За час до назначенной дуэли Сезара и графа Фейраса в дверь постучал один из слуг Торна, чьё лицо наглухо закрывала маска. Это создавало крайне неприятное впечатление, вызывая тревогу.
Гаитэ сильно сомневалась в том, что людям, предпочитающим скрывать лица, стоит доверять, пусть даже и в малом.
— Накиньте плащ, скройте ваше лицо под вуалью, госпожа, — посоветовал слуга.
По голосу Гаитэ узнала Маркелло и это её немного успокоило.
— Готовы прогуляться со мной по городу, дорогая невестушка? — хохотнул Торн, поджидавший её у выхода.
Как и у слуги, его лицо скрывала маска.
От кареты и носилок пришлось отказаться. Не хотелось привлекать к себе излишнего внимания. Брезгливо подбирая юбки, стараясь не отставать от мрачного проводника, Гаитэ шагала по улицам, на одной из которых их появление вспугнуло, заставив разбежаться, стаю бродячих собак, на другой в канаву торопливо утрусила роющаяся в грязи посредине улицы свинья.

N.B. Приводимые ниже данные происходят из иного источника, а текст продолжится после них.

(* Let $r(\mathcal{C},R)$ be a reachability rule and $\mathrm{H}:=\mathrm{H}(\mathbf{G}(r(\mathcal{C},R)))$. If $\mathrm{H}'$ is a fracturable subset of $\mathrm{H}$ (in $\mathsf{DG}(\mathrm H)$), then $r(\mathcal{C},R)\preceq\ \triangleright^{0} pw\ \triangleright^{1} r(\mathcal{C},R)\ominus\mathbf{G}(\mathrm{H}')\ \triangleright^{0}\mathrm{H}'$.
   Context: Fix a countably infinite set $\mathtt{S}$ of sequents (atomic labels), a set $\mathcal{U}$ of vertices, and a non-empty finite set $\mathtt{E}$ of edge types. A g-sequent is $\mathcal{G}=(\mathcal{V},\mathcal{E},\mathcal{L})$ with $\mathcal{V}\subseteq\mathcal{U}$, $\mathcal{E}=\{\mathcal{E}_a\mid a\in\mathtt{E}\}$, $\mathcal{E}_a\subseteq\mathcal{V}\times\mathcal{V}$, $\mathcal{L}:\mathcal{V}\to\mathtt{S}$; $\mathcal U(\mathcal G)=\mathcal V$; written $\Gamma\vdash\Delta$ with $\Gamma$ the set of edge atoms $w\mathcal{E}_a u$ and $\Delta$ the set of prefixed sequents $w:S$; $\mathtt{PS}=\mathcal U\times\mathtt S$; commas denote disjoint union. Let $\overline{\mathtt E}=\{\bar a\mid a\in\mathtt E\}$, $\bar{\bar z}=z$, $\overline{x_1\cdots x_n}=\bar x_n\cdots\bar x_1$, $\varepsilon$ empty string. Paths: $\mathcal{G}\models u\xrightarrow{a}w$ iff $(u,w)\in\mathcal{E}_a$; $u\xrightarrow{\bar a}w$ iff $(w,u)\in\mathcal{E}_a$; $u\xrightarrow{\varepsilon}w$ iff $u=w$; $u\xrightarrow{xs}w$ iff some $v$ has $u\xrightarrow{x}v$, $v\xrightarrow{s}w$; $u\xrightarrow{\mathscr L}w$ iff $u\xrightarrow{s}w$ for some $s\in\mathscr L$. An $\mathtt E$-system is a finite set $\mathbf G$ of production rules $x\longrightarrow t$ ($x\in\mathtt E\cup\overline{\mathtt E}$) with $x\longrightarrow t\in\mathbf G$ iff $\bar x\longrightarrow\bar t\in\mathbf G$; $\mathbf G(s)=\{t\mid s\longrightarrow^*_{\mathbf G}t\}$. For $p=x\longrightarrow t$, $\bar p=\bar x\longrightarrow\bar t$; $(p,\bar p)$ is a production pair; $P(\mathbf G)$ is the set of such pairs. A sequent constraint $R\subseteq\mathtt S^n\times2^{\mathtt{PS}}$ is satisfied by $S_1,\dots,S_n,\Delta$ iff $(S_{\pi(1)},\dots,S_{\pi(n)},\Delta)\in R$ for some permutation $\pi$. A reachability rule $r(\mathcal C,R)$ has premises $\Gamma\vdash\Delta,w:S_i,u:S'_i$ ($i\in[n]$) and conclusion $\Gamma\vdash\Delta,w:S,u:S'$, where $\mathcal C=(C_1,\dots,C_n)$, $C_i=(\{w,u\},\{(w,u)\},L_i)$ with $L_i(w,u)=\mathbf G_i(a_i)$ ($a_i\in\mathtt E$, $\mathbf G_i$ an $\mathtt E$-system), the $i$-th premise satisfies $\mathcal G\models w\xrightarrow{\mathbf G_i(a_i)}u$, and $S_1,S'_1,\dots,S_n,S'_n,S,S',\Delta$ satisfy $R$. $\mathbf G(r(\mathcal C,R))=\bigcup_i\mathbf G_i$. Fracture: $r(\mathcal C,R)\ominus\mathbf G$ replaces each label $\mathbf G_i(a_i)$ by $(\mathbf G_i\setminus\mathbf G)(a_i)$. Horn rules: for $s=x_1\cdots x_n$, $w\mathcal E_s u$ abbreviates atoms $w\mathcal E_{x_1}v_1,\dots,v_{n-1}\mathcal E_{x_n}u$ ($v\mathcal E_{\bar a}z$ means $z\mathcal E_a v$; $w\mathcal E_\varepsilon u$ means $w=u$). Forward Horn rule $h_f$: premise $\Gamma,w\mathcal{E}_s u,w\mathcal{E}_a u\vdash\Delta$, conclusion $\Gamma,w\mathcal{E}_s u\vdash\Delta$; backward $h_b$: same with $u\mathcal E_a w$ in place of $w\mathcal E_a u$. $\mathbf{G}(h_f)=\{a\longrightarrow s,\bar a\longrightarrow\bar s\}$, $\mathbf{G}(h_b)=\{\bar a\longrightarrow s,a\longrightarrow\bar s\}$, $\mathbf G(\mathrm H)=\bigcup_{h\in\mathrm H}\mathbf G(h)$. For a pair $(p,\bar p)$ with $p=a\longrightarrow s$ (resp. $\bar a\longrightarrow s$), $\mathrm H(p,\bar p)$ is the corresponding forward (resp. backward) Horn rule; $\mathrm H(\mathbf G)=\bigcup_{(p,\bar p)\in P(\mathbf G)}\mathrm H(p,\bar p)$. Dependency graph: for distinct pairs with $p=x\longrightarrow s$, $p'=y\longrightarrow t$, $(p,\bar p)\sqsubset(p',\bar p')$ iff $s$ or $\bar s$ contains $y$; $\sqsubseteq$ its reflexive-transitive closure; $\mathsf{DG}(\mathrm H)=(\mathrm H,\sqsubseteq')$ with $h\sqsubseteq'h'$ iff the pair of $h$ is $\sqsubseteq$ that of $h'$. $V'\subseteq V$ is fracturable in $(V,\sqsubseteq)$ iff no $v\in V'$, $v'\in V\setminus V'$ have $v\sqsubseteq v'$. The path weakening rule $pw$ has premise $\Gamma\vdash\Delta$ and conclusion $\Gamma,\Sigma\vdash\Delta$ with $\Sigma=w\mathcal E_a u$ for some $a\in\mathtt E$ and $w,u\in\mathcal U(\Gamma\vdash\Delta)$. Simulation: $\mathrm R_1\preceq\mathrm R_2$ iff whatever is derivable from given g-sequents using $\mathrm R_1$ is derivable from them using $\mathrm R_2$. An ordered rule set $\triangleright^{i_1}\mathrm R_1\cdots\triangleright^{i_k}\mathrm R_k$ ($i_j\in\{0,1\}$) is $\mathrm R_1\cup\dots\cup\mathrm R_k$ restricted to derivations that (top to bottom) first apply at least $i_1$ rules from $\mathrm R_1$, then at least $i_2$ rules from $\mathrm R_2$, etc.; singletons written by their element. *)

From Stdlib Require Import List Permutation Relations.
Import ListNotations.

Set Implicit Arguments.

Section GSeq.
Context {U S E : Type}.

(* a letter (a,false) is a ∈ E, (a,true) is ā ∈ Ē *)
Definition letter := (E * bool)%type.
Definition bar_letter (x : letter) : letter := (fst x, negb (snd x)).
Definition bar_str (s : list letter) : list letter := rev (map bar_letter s).

Definition production := (letter * list letter)%type.
Definition bar_prod (p : production) : production := (bar_letter (fst p), bar_str (snd p)).

Definition Esystem (G : production -> Prop) : Prop :=
  (exists l : list production, forall p, G p -> In p l) /\
  (forall p, G p <-> G (bar_prod p)).

Definition rw_step (G : production -> Prop) (s t : list letter) : Prop :=
  exists s1 s2 x t0, s = s1 ++ x :: s2 /\ t = s1 ++ t0 ++ s2 /\ G (x, t0).
Definition lang (G : production -> Prop) (s : list letter) : list letter -> Prop :=
  fun t => clos_refl_trans (list letter) (rw_step G) s t.

(* Gam a w u  <->  the edge atom w E_a u is in Γ  ((w,u) ∈ E_a);
   Del w T    <->  the prefixed sequent w:T is in Δ  (w ∈ V and L(w) = T). *)
Record gseq := mkG {
  Gam : E -> U -> U -> Prop;
  Del : U -> S -> Prop;
  Del_fun : forall w T1 T2, Del w T1 -> Del w T2 -> T1 = T2;
  Gam_dom : forall a w u, Gam a w u -> (exists T, Del w T) /\ (exists T, Del u T)
}.

Definition inV (G : gseq) (w : U) : Prop := exists T, Del G w T.

Definition edge_step (Gm : E -> U -> U -> Prop) (u : U) (x : letter) (v : U) : Prop :=
  if snd x then Gm (fst x) v u else Gm (fst x) u v.
Fixpoint gpath (Gm : E -> U -> U -> Prop) (u : U) (s : list letter) (w : U) : Prop :=
  match s with
  | [] => u = w
  | x :: s' => exists v, edge_step Gm u x v /\ gpath Gm v s' w
  end.
Definition path_in (G : gseq) (u : U) (L : list letter -> Prop) (w : U) : Prop :=
  exists s, L s /\ gpath (Gam G) u s w.

Definition rule := list gseq -> gseq -> Prop.

Definition Rsat (R : list S -> (U -> S -> Prop) -> Prop) (l : list S) (D : U -> S -> Prop) : Prop :=
  exists l', Permutation l l' /\ R l' D.

(* the reachability rule r(C,R), with C_i labelled by Gs i (a i), i < n *)
Definition reach_rule (n : nat) (a : nat -> E) (Gs : nat -> production -> Prop)
    (R : list S -> (U -> S -> Prop) -> Prop) : rule :=
  fun prems C =>
    exists (Delta : U -> S -> Prop) (w u : U) (Sw Su : S) (Sp Sp' : nat -> S),
      (* conclusion  Γ ⊢ Δ, w:S, u:S'  (disjoint union) *)
      ~ Delta w Sw /\ ~ Delta u Su /\ (w, Sw) <> (u, Su) /\
      (forall v T, Del C v T <-> Delta v T \/ (v = w /\ T = Sw) \/ (v = u /\ T = Su)) /\
      length prems = n /\
      (forall i P, nth_error prems i = Some P ->
         (* i-th premise  Γ ⊢ Δ, w:S_i, u:S'_i *)
         (forall b x y, Gam P b x y <-> Gam C b x y) /\
         ~ Delta w (Sp i) /\ ~ Delta u (Sp' i) /\ (w, Sp i) <> (u, Sp' i) /\
         (forall v T, Del P v T <-> Delta v T \/ (v = w /\ T = Sp i) \/ (v = u /\ T = Sp' i)) /\
         path_in P w (lang (Gs i) [(a i, false)]) u) /\
      Rsat R (flat_map (fun i => [Sp i; Sp' i]) (seq 0 n) ++ [Sw; Su]) Delta.

Definition Grule (n : nat) (Gs : nat -> production -> Prop) : production -> Prop :=
  fun p => exists i, i < n /\ Gs i p.

Definition fracture (n : nat) (a : nat -> E) (Gs : nat -> production -> Prop)
    (R : list S -> (U -> S -> Prop) -> Prop) (G : production -> Prop) : rule :=
  reach_rule n a (fun i p => Gs i p /\ ~ G p) R.

Definition pw : rule :=
  fun prems C => exists P, prems = [P] /\
    exists a w u, inV P w /\ inV P u /\ ~ Gam P a w u /\
      (forall b x y, Gam C b x y <-> Gam P b x y \/ (b = a /\ x = w /\ y = u)) /\
      (forall v T, Del C v T <-> Del P v T).

Definition horn_f (a : E) (s : list letter) : rule :=
  fun prems C => exists P, prems = [P] /\
    exists w u, gpath (Gam C) w s u /\ ~ Gam C a w u /\
      (forall b x y, Gam P b x y <-> Gam C b x y \/ (b = a /\ x = w /\ y = u)) /\
      (forall v T, Del P v T <-> Del C v T).

Definition horn_b (a : E) (s : list letter) : rule :=
  fun prems C => exists P, prems = [P] /\
    exists w u, gpath (Gam C) w s u /\ ~ Gam C a u w /\
      (forall b x y, Gam P b x y <-> Gam C b x y \/ (b = a /\ x = u /\ y = w)) /\
      (forall v T, Del P v T <-> Del C v T).

Definition horn_of_prod (p : production) : rule :=
  if snd (fst p) then horn_b (fst (fst p)) (snd p) else horn_f (fst (fst p)) (snd p).

Definition horn_set (G : production -> Prop) : rule :=
  fun prems C => exists p, G p /\ horn_of_prod p prems C.
(* Let $\phi_1,\ldots,\phi_n \vdash \psi_0$ be a sequent of $NOM$ ($n\ge 0$). The following are equivalent: (1) $\phi_1,\ldots,\phi_n\vdash\psi_0$ is derivable in $NOM$ extended by the exchange rule (from $\Gamma,\phi,\psi,\Delta\vdash\chi$ infer $\Gamma,\psi,\phi,\Delta\vdash\chi$, for arbitrary finite sequences $\Gamma,\Delta$ and formulas $\phi,\psi,\chi$); (2) $\phi_1,\ldots,\phi_n\vdash\psi_0$ is derivable in Gentzen's classical sequent calculus $LK$ (the system $G1$ of Kleene's Introduction to Metamathematics); (3) the formula $(\phi_1\wedge\cdots\wedge\phi_n)\rightarrow\psi_0$ is derivable in Kleene's Hilbert-style system $H$ for classical logic, i.e. is a classical tautology. When $n=0$, $(\phi_1\wedge\cdots\wedge\phi_n)\rightarrow\psi_0$ means $\psi_0$.
   Context: The propositional deductive system $NOM$: formulas are built from propositional letters using the binary connectives $\wedge$, $\rightarrow$ and the unary connective $\neg$. A sequent is an expression $\phi_1,\ldots,\phi_n \vdash \psi$ with $n\ge 0$, whose antecedent is a finite sequence (order matters, repetitions allowed) of formulas. Below $\Gamma$ denotes a finite, possibly empty, sequence of formulas, $\phi,\psi,\chi$ formulas, and commas denote concatenation. A sequent is derivable in $NOM$ if it can be obtained with the following rules (premises $\Rightarrow$ conclusion): (assumption) $\Gamma,\phi\vdash\phi$, no premises; (cut) $\Gamma\vdash\phi$ and $\Gamma,\phi\vdash\psi$ $\Rightarrow$ $\Gamma\vdash\psi$; (paste) $\Gamma\vdash\phi$ and $\Gamma\vdash\psi$ $\Rightarrow$ $\Gamma,\phi\vdash\psi$; (compatible exchange) $\Gamma,\phi,\psi\vdash\phi$ and $\Gamma,\phi,\psi\vdash\chi$ and $\Gamma,\psi,\phi\vdash\psi$ $\Rightarrow$ $\Gamma,\psi,\phi\vdash\chi$; ($\wedge$-introduction) $\Gamma\vdash\phi$ and $\Gamma\vdash\psi$ $\Rightarrow$ $\Gamma\vdash\phi\wedge\psi$; ($\wedge$-elimination) $\Gamma\vdash\phi\wedge\psi$ $\Rightarrow$ $\Gamma\vdash\phi$, and $\Gamma\vdash\phi\wedge\psi$ $\Rightarrow$ $\Gamma\vdash\psi$; ($\rightarrow$-introduction) $\Gamma,\phi\vdash\psi$ $\Rightarrow$ $\Gamma\vdash\phi\rightarrow\psi$; ($\rightarrow$-elimination) $\Gamma\vdash\phi\rightarrow\psi$ $\Rightarrow$ $\Gamma,\phi\vdash\psi$; (excluded middle) $\Gamma,\phi\vdash\psi$ and $\Gamma,\neg\phi\vdash\psi$ $\Rightarrow$ $\Gamma\vdash\psi$; (deductive explosion) $\Gamma\vdash\neg\phi$ $\Rightarrow$ $\Gamma,\phi\vdash\psi$. *)

From Stdlib Require Import List.
Import ListNotations.

Inductive form : Type :=
| Var  : nat -> form
| And  : form -> form -> form
| Imp  : form -> form -> form
| Neg  : form -> form.

Inductive NOMx (exch : bool) : list form -> form -> Prop :=
| nom_assum : forall G p, NOMx exch (G ++ [p]) p
| nom_cut : forall G p q,
    NOMx exch G p -> NOMx exch (G ++ [p]) q -> NOMx exch G q
| nom_paste : forall G p q,
    NOMx exch G p -> NOMx exch G q -> NOMx exch (G ++ [p]) q
| nom_cexch : forall G p q c,
    NOMx exch (G ++ [p; q]) p ->
    NOMx exch (G ++ [p; q]) c ->
    NOMx exch (G ++ [q; p]) q ->
    NOMx exch (G ++ [q; p]) c
| nom_andI : forall G p q,
    NOMx exch G p -> NOMx exch G q -> NOMx exch G (And p q)
| nom_andE1 : forall G p q, NOMx exch G (And p q) -> NOMx exch G p
| nom_andE2 : forall G p q, NOMx exch G (And p q) -> NOMx exch G q
| nom_impI : forall G p q, NOMx exch (G ++ [p]) q -> NOMx exch G (Imp p q)
| nom_impE : forall G p q, NOMx exch G (Imp p q) -> NOMx exch (G ++ [p]) q
| nom_em : forall G p q,
    NOMx exch (G ++ [p]) q -> NOMx exch (G ++ [Neg p]) q -> NOMx exch G q
| nom_explo : forall G p q, NOMx exch G (Neg p) -> NOMx exch (G ++ [p]) q
| nom_exch : exch = true -> forall G D p q c,
    NOMx exch (G ++ p :: q :: D) c -> NOMx exch (G ++ q :: p :: D) c.

Definition NOM := NOMx false.
Definition NOM_exch := NOMx true.

(* Gentzen's LK in the form of Kleene's G1 (Introduction to Metamathematics,
   Sec. 77), propositional rules for the connectives /\, ->, ~ only.
   [G1 Gamma Theta] : the sequent Gamma -> Theta is derivable. *)
Inductive G1 : list form -> list form -> Prop :=
| g1_ax : forall C, G1 [C] [C]
| g1_thinL : forall D G T, G1 G T -> G1 (D :: G) T
| g1_thinR : forall D G T, G1 G T -> G1 G (T ++ [D])
| g1_contrL : forall D G T, G1 (D :: D :: G) T -> G1 (D :: G) T
| g1_contrR : forall D G T, G1 G (T ++ [D; D]) -> G1 G (T ++ [D])
| g1_interL : forall Dl C D G T,
    G1 (Dl ++ D :: C :: G) T -> G1 (Dl ++ C :: D :: G) T
| g1_interR : forall G T C D L,
    G1 G (T ++ C :: D :: L) -> G1 G (T ++ D :: C :: L)
| g1_cut : forall Dl L C G T,
    G1 Dl (L ++ [C]) -> G1 (C :: G) T -> G1 (Dl ++ G) (L ++ T)
| g1_impR : forall A B G T, G1 (A :: G) (T ++ [B]) -> G1 G (T ++ [Imp A B])
| g1_impL : forall A B Dl L G T,
    G1 Dl (L ++ [A]) -> G1 (B :: G) T -> G1 (Imp A B :: Dl ++ G) (L ++ T)
| g1_andR : forall A B G T,
    G1 G (T ++ [A]) -> G1 G (T ++ [B]) -> G1 G (T ++ [And A B])
| g1_andL1 : forall A B G T, G1 (A :: G) T -> G1 (And A B :: G) T
| g1_andL2 : forall A B G T, G1 (B :: G) T -> G1 (And A B :: G) T
| g1_negR : forall A G T, G1 (A :: G) T -> G1 G (T ++ [Neg A])
| g1_negL : forall A G T, G1 G (T ++ [A]) -> G1 (Neg A :: G) T.

(* Kleene's Hilbert-style system H (IM Sec. 19), propositional postulates
   for /\, ->, ~ (axiom schemata 1a, 1b, 3, 4a, 4b, 7, 8 and modus ponens). *)
Inductive H : form -> Prop :=
| h1a : forall A B, H (Imp A (Imp B A))
| h1b : forall A B C,
    H (Imp (Imp A B) (Imp (Imp A (Imp B C)) (Imp A C)))
| hmp : forall A B, H A -> H (Imp A B) -> H B
| h3 : forall A B, H (Imp A (Imp B (And A B)))
| h4a : forall A B, H (Imp (And A B) A)
| h4b : forall A B, H (Imp (And A B) B)
| h7 : forall A B, H (Imp (Imp A B) (Imp (Imp A (Neg B)) (Neg A)))
| h8 : forall A, H (Imp (Neg (Neg A)) A).

Fixpoint bigAnd (l : list form) : option form :=
  match l with
  | [] => None
  | [p] => Some p
  | p :: l' => match bigAnd l' with
               | None => Some p
               | Some q => Some (And p q)
               end
  end.

Definition seq_formula (l : list form) (psi : form) : form :=
  match bigAnd l with
  | None => psi
  | Some c => Imp c psi
  end.

From Stdlib Require Import List Permutation.
Import ListNotations.

(* With exchange, NOM derives weakening and contraction, so its contexts behave
   as sets.  A G1 sequent  Gamma -> Theta  is then read as the inconsistency of
   Gamma, ~Theta  in NOM with exchange, and every G1 rule becomes a short
   classical argument there (by contradiction, double negation, explosion).
   Conversely, NOM rules are admissible for derivability in H from hypotheses
   (deduction theorem, excluded middle from schemata 7 and 8), and H
   derivations from hypotheses are replayed in G1.  The deduction theorem and
   the conjunction schemata identify derivability from  phi_1, ..., phi_n  with
   derivability of  (phi_1 /\ ... /\ phi_n) -> psi.  *)

Ltac solve_incl :=
  try (let x := fresh in intros x); simpl; rewrite ?map_app, ?in_app_iff; simpl;
  rewrite ?map_app, ?in_app_iff; simpl; tauto.

Section StructuralRules.

Variable A : Type.
Variable S : list A -> Prop.

Hypothesis S_swap : forall G D p q, S (G ++ p :: q :: D) -> S (G ++ q :: p :: D).

Lemma closed_under_Permutation l l' : Permutation l l' -> S l -> S l'.
Proof.
  intros Hperm.
  enough (Hpre : forall G, S (G ++ l) -> S (G ++ l')) by exact (Hpre []).
  induction Hperm as [|x l l' _ IH|x y l|l l' l'' _ IH1 _ IH2]; intros G HS; auto.
  replace (G ++ x :: l') with ((G ++ [x]) ++ l') by now rewrite <- app_assoc.
  apply IH. now rewrite <- app_assoc.
Qed.

Hypothesis S_weaken : forall a l, S l -> S (a :: l).
Hypothesis S_contract : forall a l, S (a :: a :: l) -> S (a :: l).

Пройдя мост, перейдя реку, ступили на узкую тропу, ведущую в хитросплетённый лабиринт зданий — сердце Жютена.
Гаитэ поразило, насколько захудалым всё вокруг здесь выглядело: скопление крыш красной черепицы, ветхие фасады, заплесневелые скульптуры, безлико таращащиеся на мощёную брусчаткой площадь.
Солнце ещё не зашло. Воздух разогрелся, как от печки. То тут, то там улицы перекрывали гвардейцы. Видимо, следили за порядком, обеспечивая безопасность, но, судя по печальной статистике смертей и убийств, это не особенно помогало.
Несмотря на непоздний час, проститутки уже вышли на свой нелёгкий, опасный заработок. Их легко можно было отличить от других женщин по полупрозрачным юбкам, затянутым в корсет.
Маркелло подвёл к Торну громадного, боевого, коня.
— Дальше поедем верхом? — обрадованно спросила Гаитэ, бросая на жениха неуверенный взгляд. — Но у меня нет опыта верховой езды.
— Ничего страшного. Просто держись за меня, — порекомендовал он. — И желательно — покрепче.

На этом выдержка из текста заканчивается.